▶ [Given records]:
********

(* Let $k\ge1$ and $d$ be integers with $k\mid d$, and set $m=d/k$. Let $X_{ij}\in\mathbb{R}^{1\times m}$ for $i=1,\dots,n$, $j=1,\dots,k$, let $w^*\in\mathbb{R}^m$, and suppose $X_{ij}w^*\neq0$ for all $i,j$. Let $y_i=\sum_{j=1}^k(X_{ij}w^* )_+$ and $r\in\mathbb{R}^m$. Consider the linear program $$\max_{w\in\mathbb{R}^m,\ z\in\mathbb{R}^{n\times k}}\ r^Tw\quad\text{s.t.}\quad z_{ij}\ge0,\ \ \sum_{j=1}^kz_{ij}=y_i\ (i=1,\dots,n),\ \ z_{ij}\ge X_{ij}w\ \ \forall (i,j).$$ For $i=1,\dots,n$ let $R_i=\{j\in\{1,\dots,k\}: X_{ij}w^*>0\}$. Then the feasible point $(w^*,z^* )$ with $z^*_{ij}=(X_{ij}w^* )_+$ is an optimal solution of this linear program if and only if $$r\in\operatorname{cone}\Big\{\textstyle\sum_{j\in R_i}X_{ij}^T:\ i=1,\dots,n\Big\},$$ equivalently, iff there exists $v\in\mathbb{R}^n$ with $v_{S_j}\ge0$ for all $j$ and $\sum_{j=1}^kX_{S_j,j}^Tv_{S_j}=r$, where $S_j=\{i: X_{ij}w^*>0\}$, $v_{S_j}$ is the subvector of $v$ indexed by $S_j$, and $X_{S_j,j}$ is the matrix with rows $X_{ij}$, $i\in S_j$.
   Context: This models a one-hidden-layer convolutional network with a filter $w\in\mathbb{R}^{d/k}$ applied without overlap: $X_{ij}$ is the $j$-th length-$d/k$ block of the $i$-th data vector. $(u)_+=\max(u,0)$; $\operatorname{cone}(A)$ denotes the set of nonnegative linear combinations of vectors in $A$; an empty sum is the zero vector. *)

(* the statement is purely order-algebraic (an LP optimality
   criterion), so it is stated over an arbitrary real field R. *)
From HB Require Import structures.
From mathcomp Require Import all_boot all_order all_algebra.
Set Implicit Arguments. Unset Strict Implicit. Unset Printing Implicit Defensive.
Import Order.TTheory GRing.Theory Num.Theory.
Local Open Scope ring_scope.

Definition pospart (R : realFieldType) (u : R) : R := Num.max u 0.

Definition rdot (R : realFieldType) (m : nat) (x : 'rV[R]_m) (w : 'cV[R]_m) : R :=
  (x *m w) 0 0.

Definition labels (R : realFieldType) (n k m : nat)
  (X : 'I_n -> 'I_k -> 'rV[R]_m) (wstar : 'cV[R]_m) (i : 'I_n) : R :=
  \sum_(j < k) pospart (rdot (X i j) wstar).

Definition lp_feasible (R : realFieldType) (n k m : nat)
  (X : 'I_n -> 'I_k -> 'rV[R]_m) (y : 'I_n -> R)
  (w : 'cV[R]_m) (z : 'M[R]_(n, k)) : Prop :=
  [/\ forall i j, 0 <= z i j,
      forall i, \sum_(j < k) z i j = y i
    & forall i j, rdot (X i j) w <= z i j].

Definition lp_obj (R : realFieldType) (m : nat) (r w : 'cV[R]_m) : R :=
  (r^T *m w) 0 0.

Definition lp_optimal (R : realFieldType) (n k m : nat)
  (X : 'I_n -> 'I_k -> 'rV[R]_m) (y : 'I_n -> R) (r : 'cV[R]_m)
  (w : 'cV[R]_m) (z : 'M[R]_(n, k)) : Prop :=
  lp_feasible X y w z /\
  forall w' z', lp_feasible X y w' z' -> lp_obj r w' <= lp_obj r w.

Definition in_cone (R : realFieldType) (n m : nat)
  (F : 'I_n -> 'cV[R]_m) (v : 'cV[R]_m) : Prop :=
  exists c : 'I_n -> R, (forall i, 0 <= c i) /\ v = \sum_(i < n) c i *: F i.

From HB Require Import structures.
From mathcomp Require Import all_boot all_order all_algebra.
From mathcomp Require Import ring lra.
Set Implicit Arguments. Unset Strict Implicit. Unset Printing Implicit Defensive.
Import Order.TTheory GRing.Theory Num.Theory.
Local Open Scope ring_scope.

(* If r lies in the cone of the active sums A_i = sum_{j in R_i} X_ij^T, then
   r^T w = sum_i c_i A_i^T w <= sum_i c_i y_i = r^T w* for every feasible
   (w, z), because A_i^T w <= sum_{j in R_i} z_ij <= y_i.  Conversely, if r is
   outside the cone, Farkas' lemma yields a direction d with A_i^T d <= 0 for
   all i and r^T d > 0.  Since no X_ij w* vanishes, a small step w = w* + t d
   keeps every sign pattern, so the active sets and hence the constraints
   A_i^T w <= y_i stay satisfiable, while the objective strictly increases. *)

Section Dot.
Variables (R : realFieldType) (m : nat).
Implicit Types (u v w : 'cV[R]_m).

Definition dot u v : R := (u^T *m v) 0 0.

Lemma dotC u v : dot u v = dot v u.
Proof. by rewrite /dot !mxE; apply: eq_bigr => l _; rewrite !mxE mulrC. Qed.

Lemma dotDl u v w : dot (u + v) w = dot u w + dot v w.
Proof. by rewrite /dot linearD mulmxDl mxE. Qed.

Lemma dotZl a u w : dot (a *: u) w = a * dot u w.
Proof. by rewrite /dot linearZ -scalemxAl mxE. Qed.

Lemma dotNl u w : dot (- u) w = - dot u w.
Proof. by rewrite -scaleN1r dotZl mulN1r. Qed.

Lemma dotBl u v w : dot (u - v) w = dot u w - dot v w.
Proof. by rewrite dotDl dotNl. Qed.

Lemma dotDr u v w : dot w (u + v) = dot w u + dot w v.
Proof. by rewrite !(dotC w) dotDl. Qed.

Lemma dotBr u v w : dot w (u - v) = dot w u - dot w v.
Proof. by rewrite !(dotC w) dotBl. Qed.

Lemma dotZr a u w : dot w (a *: u) = a * dot w u.
Proof. by rewrite !(dotC w) dotZl. Qed.

Lemma dot0l w : dot 0 w = 0.
Proof. by rewrite -(scale0r 0) dotZl mul0r. Qed.

Lemma dot_suml I (s : seq I) (P : pred I) (F : I -> 'cV[R]_m) w :
  dot (\sum_(i <- s | P i) F i) w = \sum_(i <- s | P i) dot (F i) w.
Proof. by apply: (big_morph (dot^~ w)) => [u v|]; rewrite ?dotDl ?dot0l. Qed.

Lemma dot_gt0 u : u != 0 -> 0 < dot u u.
Proof.
move=> u_neq0; have -> : dot u u = \sum_l u l 0 ^+ 2.
  by rewrite /dot mxE; apply: eq_bigr => l _; rewrite mxE.
rewrite lt_def sumr_ge0 ?andbT => [|l _]; last exact: sqr_ge0.
apply: contra u_neq0 => /eqP/psumr_eq0P u0; apply/eqP/matrixP => l j.
rewrite ord1 mxE; apply/eqP; rewrite -sqrf_eq0 u0 //= => l' _.
exact: sqr_ge0.
Qed.

End Dot.

Lemma ord_max_widen_ind n (P : 'I_n.+1 -> Prop) :
  P ord_max -> (forall i : 'I_n, P (widen_ord (leqnSn n) i)) -> forall i, P i.
Proof.
move=> Pmax Pwiden i; case: (unliftP ord_max i) => [j ->|-> //].
by have -> : lift ord_max j = widen_ord (leqnSn n) j by apply/val_inj/lift_max.
Qed.

Section Farkas.
Variables (R : realFieldType) (m : nat).
Implicit Types (u v w : 'cV[R]_m).

Lemma in_cone0 (a : 'I_0 -> 'cV[R]_m) : in_cone a 0.
Proof. by exists (fun=> 0); rewrite big_ord0. Qed.

Lemma in_cone_recr n (a : 'I_n.+1 -> 'cV[R]_m) v c : 0 <= c ->
  in_cone (fun i => a (widen_ord (leqnSn n) i)) (v - c *: a ord_max) ->
  in_cone a v.
Proof.
move=> c_ge0 [b [b_ge0 ebv]].
exists (fun i => if insub (val i) is Some i' then b i' else c); split.
  by move=> i; case: insub.
rewrite big_ord_recr /= insubN ?ltnn // -[v](subrK (c *: a ord_max)) ebv.
by congr (_ + _); apply: eq_bigr => i _; rewrite valK.
Qed.

Definition proj_along (p d v : 'cV[R]_m) : 'cV[R]_m :=
  v - (dot v d / dot p d) *: p.

Lemma dot_proj_along p d v e :
  dot (proj_along p d v) e = dot v (e - (dot p e / dot p d) *: d).
Proof.
rewrite /proj_along dotBl dotZl dotBr dotZr (dotC v d); congr (_ - _); ring.
Qed.

Lemma proj_along_self p d : dot p d != 0 -> proj_along p d p = 0.
Proof. by move=> pd_neq0; rewrite /proj_along divff // scale1r subrr. Qed.

Lemma in_cone_proj_along n (a : 'I_n -> 'cV[R]_m) p d v :
  0 < dot p d -> (forall i, dot (a i) d <= 0) -> 0 < dot v d ->
  in_cone (fun i => proj_along p d (a i)) (proj_along p d v) ->
  exists2 c, 0 <= c & in_cone a (v - c *: p).
Proof.
move=> pd_gt0 ad_le0 vd_gt0 [b [b_ge0 ebv]].
exists (dot v d / dot p d - \sum_i b i * (dot (a i) d / dot p d)).
  rewrite subr_ge0 (le_trans _ (ltW (divr_gt0 vd_gt0 pd_gt0))) //.
  apply: sumr_le0 => i _; rewrite mulr_ge0_le0 // mulr_le0_ge0 //.
  by rewrite invr_ge0 ltW.
exists b; split => //; rewrite scalerBl opprB addrA addrAC.
rewrite -[v - _]/(proj_along p d v) ebv scaler_suml -big_split /=.
by apply: eq_bigr => i _; rewrite scalerBr scalerA subrK.
Qed.

Theorem farkas n (a : 'I_n -> 'cV[R]_m) v :
  in_cone a v \/ exists d, (forall i, dot (a i) d <= 0) /\ 0 < dot v d.
Proof.
elim: n a v => [|n IH] a v.
  have [->|v_neq0] := eqVneq v 0; first by left; exact: in_cone0.
  by right; exists v; split => [[]|]; last exact: dot_gt0.
pose a' i := a (widen_ord (leqnSn n) i); pose p := a ord_max.
have [cone_v|[d [a'd_le0 vd_gt0]]] := IH a' v.
  by left; apply: (in_cone_recr (le_refl 0)); rewrite scale0r subr0.
have [pd_le0|pd_gt0] := leP (dot p d) 0.
  by right; exists d; split => //; exact: ord_max_widen_ind.
(* Fourier-Motzkin step: eliminate p by projecting along it onto d^perp. *)
have [cone_proj|[e [proj_a'e_le0 proj_ve_gt0]]] :=
  IH (fun i => proj_along p d (a' i)) (proj_along p d v).
  have [c c_ge0 cone_c] := in_cone_proj_along pd_gt0 a'd_le0 vd_gt0 cone_proj.
  by left; exact: in_cone_recr cone_c.
right; exists (e - (dot p e / dot p d) *: d).
rewrite -dot_proj_along; split => //; apply: ord_max_widen_ind => [|i].
  by rewrite -dot_proj_along proj_along_self ?dot0l ?gt_eqF.
by have := proj_a'e_le0 i; rewrite dot_proj_along.
Qed.

End Farkas.

Lemma pospart_ge0 (R : realFieldType) (u : R) : 0 <= pospart u.
Proof. by rewrite /pospart le_max lexx orbT. Qed.

Lemma pospart_ge (R : realFieldType) (u : R) : u <= pospart u.
Proof. by rewrite /pospart le_max lexx. Qed.

Lemma pospartE (R : realFieldType) (u : R) : pospart u = if 0 < u then u else 0.
Proof. by rewrite /pospart /Num.max; case: ltgtP. Qed.

Lemma small_step_keeps_sign (R : realFieldType) (I : finType) (u e : I -> R) :
  (forall i, u i != 0) ->
  exists2 t, 0 < t & forall i, (0 < u i + t * e i) = (0 < u i).
Proof.
move=> u_neq0; pose S := \sum_i `|e i| / `|u i|.
have S_ge0 : 0 <= S by apply: sumr_ge0 => i _; exact: divr_ge0.
have S1_gt0 : 0 < 1 + S by rewrite ltr_wpDr.
exists (1 + S)^-1 => [|i]; first by rewrite invr_gt0.
have u_gt0 : 0 < `|u i| by rewrite normr_gt0.
have le_S : `|e i| / `|u i| <= S.
  by rewrite /S (bigD1 i) //= lerDl; apply: sumr_ge0 => j _; exact: divr_ge0.
have small : `|(1 + S)^-1 * e i| < `|u i|.
  rewrite normrM gtr0_norm ?invr_gt0 // mulrC ltr_pdivrMr //.
  rewrite mulrC -ltr_pdivrMr //.
  by apply: le_lt_trans le_S _; rewrite ltrDr ltr01.
move: small; rewrite ltr_norml; set te := _ * e i => /andP[lo hi].
have [u_lt0|u_gt0'|u0] := ltgtP (u i) 0; last by case/eqP: (u_neq0 i).
  rewrite ltr0_norm // in hi; apply/negbTE; rewrite -leNgt; lra.
by rewrite gtr0_norm // in lo; lra.
Qed.

Section ReluLP.
Variables (R : realFieldType) (n k m : nat) (X : 'I_n -> 'I_k -> 'rV[R]_m).
Implicit Types (w : 'cV[R]_m) (y : 'I_n -> R).

Definition active_sum w i : 'cV[R]_m :=
  \sum_(j < k | 0 < rdot (X i j) w) (X i j)^T.

Definition pospart_mx w : 'M[R]_(n, k) :=
  \matrix_(i, j) pospart (rdot (X i j) w).

Lemma rdotE (x : 'rV[R]_m) w : rdot x w = dot x^T w.
Proof. by rewrite /dot trmxK. Qed.

Lemma dot_active_sum w w' i :
  dot (active_sum w i) w' = \sum_(j < k | 0 < rdot (X i j) w) rdot (X i j) w'.
Proof. by rewrite dot_suml; apply: eq_bigr => j _; rewrite rdotE. Qed.

Lemma labels_active_sum w i : labels X w i = dot (active_sum w i) w.
Proof.
by rewrite dot_active_sum big_mkcond; apply: eq_bigr => j _; rewrite pospartE.
Qed.

Lemma pospart_mx_feasible w : lp_feasible X (labels X w) w (pospart_mx w).
Proof.
split => [i j|i|i j]; rewrite ?mxE ?pospart_ge0 ?pospart_ge //.
by apply: eq_bigr => j _; rewrite mxE.
Qed.

Lemma lp_feasible_active_sum_le y w z w0 i :
  lp_feasible X y w z -> dot (active_sum w0 i) w <= y i.
Proof.
move=> [z_ge0 <- Xw_le_z]; rewrite dot_active_sum.
apply: le_trans (_ : \sum_(j < k | 0 < rdot (X i j) w0) z i j <= _).
  by apply: ler_sum => j _; exact: Xw_le_z.
by rewrite [leRHS](bigID (fun j => 0 < rdot (X i j) w0)) lerDl sumr_ge0.
Qed.

Lemma lp_feasible_slack y w : (0 < k)%N -> (forall i, labels X w i <= y i) ->
  exists z, lp_feasible X y w z.
Proof.
move=> k_gt0 le_y; pose j0 := Ordinal k_gt0.
pose slack : 'M[R]_(n, k) :=
  \matrix_(i, j) if j == j0 then y i - labels X w i else 0.
have slack_ge0 i j : 0 <= slack i j.
  by rewrite mxE; case: eqP; rewrite ?subr_ge0.
exists (pospart_mx w + slack); split => [i j|i|i j].
- by rewrite mxE addr_ge0 // mxE pospart_ge0.
- under eq_bigr do rewrite mxE [pospart_mx _ _ _]mxE [slack _ _]mxE.
  by rewrite big_split /= -big_mkcond big_pred1_eq addrC subrK.
- by rewrite mxE [pospart_mx _ _ _]mxE (le_trans (pospart_ge _)) // lerDl.
Qed.

Lemma in_cone_lp_optimal w r :
  in_cone (active_sum w) r -> lp_optimal X (labels X w) r w (pospart_mx w).
Proof.
move=> [c [c_ge0 ->]]; split=> [|w' z' feas]; first exact: pospart_mx_feasible.
rewrite /lp_obj -!/(dot _ _) !dot_suml; apply: ler_sum => i _.
rewrite !dotZl ler_wpM2l // -labels_active_sum.
exact: lp_feasible_active_sum_le feas.
Qed.

Lemma lp_optimal_in_cone w r z :
  (0 < k)%N -> (forall i j, rdot (X i j) w != 0) ->
  lp_optimal X (labels X w) r w z -> in_cone (active_sum w) r.
Proof.
move=> k_gt0 Xw_neq0 [_ w_opt].
have [//|[d [Ad_le0 rd_gt0]]] := farkas (active_sum w) r.
have [t t_gt0 same_sign] := small_step_keeps_sign
  (fun ij : 'I_n * 'I_k => rdot (X ij.1 ij.2) d) (fun ij => Xw_neq0 ij.1 ij.2).
pose w' := w + t *: d.
have active_w' i : active_sum w' i = active_sum w i.
  by apply: eq_bigl => j; rewrite -(same_sign (i, j)) !rdotE dotDr dotZr.
have [z' feas] : exists z', lp_feasible X (labels X w) w' z'.
  apply: lp_feasible_slack => // i.
  rewrite !labels_active_sum active_w' /w' dotDr dotZr gerDl.
  by rewrite mulr_ge0_le0 ?Ad_le0 ?ltW.
have := w_opt _ _ feas; rewrite /lp_obj -!/(dot _ _) /w' dotDr dotZr gerDl.
by rewrite leNgt mulr_gt0.
Qed.

Lemma sum_active_exchange w (v : 'I_n -> R) :
  \sum_(j < k) \sum_(i < n | 0 < rdot (X i j) w) v i *: (X i j)^T =
  \sum_(i < n) v i *: active_sum w i.
Proof.
under eq_bigr do rewrite big_mkcond; rewrite exchange_big /=.
by apply: eq_bigr => i _; rewrite /active_sum scaler_sumr [RHS]big_mkcond.
Qed.

Lemma in_cone_active_sumP w r :
  in_cone (active_sum w) r <->
  exists v : 'I_n -> R,
    (forall j i, 0 < rdot (X i j) w -> 0 <= v i) /\
    \sum_(j < k) \sum_(i < n | 0 < rdot (X i j) w) v i *: (X i j)^T = r.
Proof.
split=> [[c [c_ge0 ->]]|[v [v_ge0 <-]]].
  by exists c; split=> [j i _|]; rewrite ?sum_active_exchange.
exists (fun i => pospart (v i)); split=> [i|]; first exact: pospart_ge0.
rewrite sum_active_exchange; apply: eq_bigr => i _.
have [j active_j|inactive] := pickP (fun j => 0 < rdot (X i j) w).
  by rewrite /pospart max_l // (v_ge0 j).
by rewrite /active_sum big_pred0 // !scaler0.
Qed.

End ReluLP.

Theorem mainTheorem3 (R : realFieldType) (n k d : nat)
  (hk : (0 < k)%N) (hkd : (k %| d)%N)
  (X : 'I_n -> 'I_k -> 'rV[R]_(d %/ k)) (wstar : 'cV[R]_(d %/ k))
  (hnz : forall i j, rdot (X i j) wstar != 0)
  (r : 'cV[R]_(d %/ k)) :
  let y := labels X wstar in
  let zstar : 'M[R]_(n, k) := \matrix_(i, j) pospart (rdot (X i j) wstar) in
  (lp_optimal X y r wstar zstar <->
     in_cone (fun i => \sum_(j < k | 0 < rdot (X i j) wstar) (X i j)^T) r)
  /\
  (lp_optimal X y r wstar zstar <->
     exists v : 'I_n -> R,
       (forall j : 'I_k, forall i : 'I_n, 0 < rdot (X i j) wstar -> 0 <= v i) /\
       \sum_(j < k) \sum_(i < n | 0 < rdot (X i j) wstar) v i *: (X i j)^T = r).
Proof.
move=> y zstar.
have optimal_iff_cone :
    lp_optimal X y r wstar zstar <-> in_cone (active_sum X wstar) r.
  by split; [exact: lp_optimal_in_cone | exact: in_cone_lp_optimal].
by split=> //; rewrite optimal_iff_cone; exact: in_cone_active_sumP.
Qed.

********

▶ [Task prompt]: Give only the lines from the one holding "by rewrite invr_ge0 ltW." through the one holding "End Farkas.", each restated exactly as it appears above.

▶ [Exercise response]:
  by rewrite invr_ge0 ltW.
exists b; split => //; rewrite scalerBl opprB addrA addrAC.
rewrite -[v - _]/(proj_along p d v) ebv scaler_suml -big_split /=.
by apply: eq_bigr => i _; rewrite scalerBr scalerA subrK.
Qed.

Theorem farkas n (a : 'I_n -> 'cV[R]_m) v :
  in_cone a v \/ exists d, (forall i, dot (a i) d <= 0) /\ 0 < dot v d.
Proof.
elim: n a v => [|n IH] a v.
  have [->|v_neq0] := eqVneq v 0; first by left; exact: in_cone0.
  by right; exists v; split => [[]|]; last exact: dot_gt0.
pose a' i := a (widen_ord (leqnSn n) i); pose p := a ord_max.
have [cone_v|[d [a'd_le0 vd_gt0]]] := IH a' v.
  by left; apply: (in_cone_recr (le_refl 0)); rewrite scale0r subr0.
have [pd_le0|pd_gt0] := leP (dot p d) 0.
  by right; exists d; split => //; exact: ord_max_widen_ind.
(* Fourier-Motzkin step: eliminate p by projecting along it onto d^perp. *)
have [cone_proj|[e [proj_a'e_le0 proj_ve_gt0]]] :=
  IH (fun i => proj_along p d (a' i)) (proj_along p d v).
  have [c c_ge0 cone_c] := in_cone_proj_along pd_gt0 a'd_le0 vd_gt0 cone_proj.
  by left; exact: in_cone_recr cone_c.
right; exists (e - (dot p e / dot p d) *: d).
rewrite -dot_proj_along; split => //; apply: ord_max_widen_ind => [|i].
  by rewrite -dot_proj_along proj_along_self ?dot0l ?gt_eqF.
by have := proj_a'e_le0 i; rewrite dot_proj_along.
Qed.

End Farkas.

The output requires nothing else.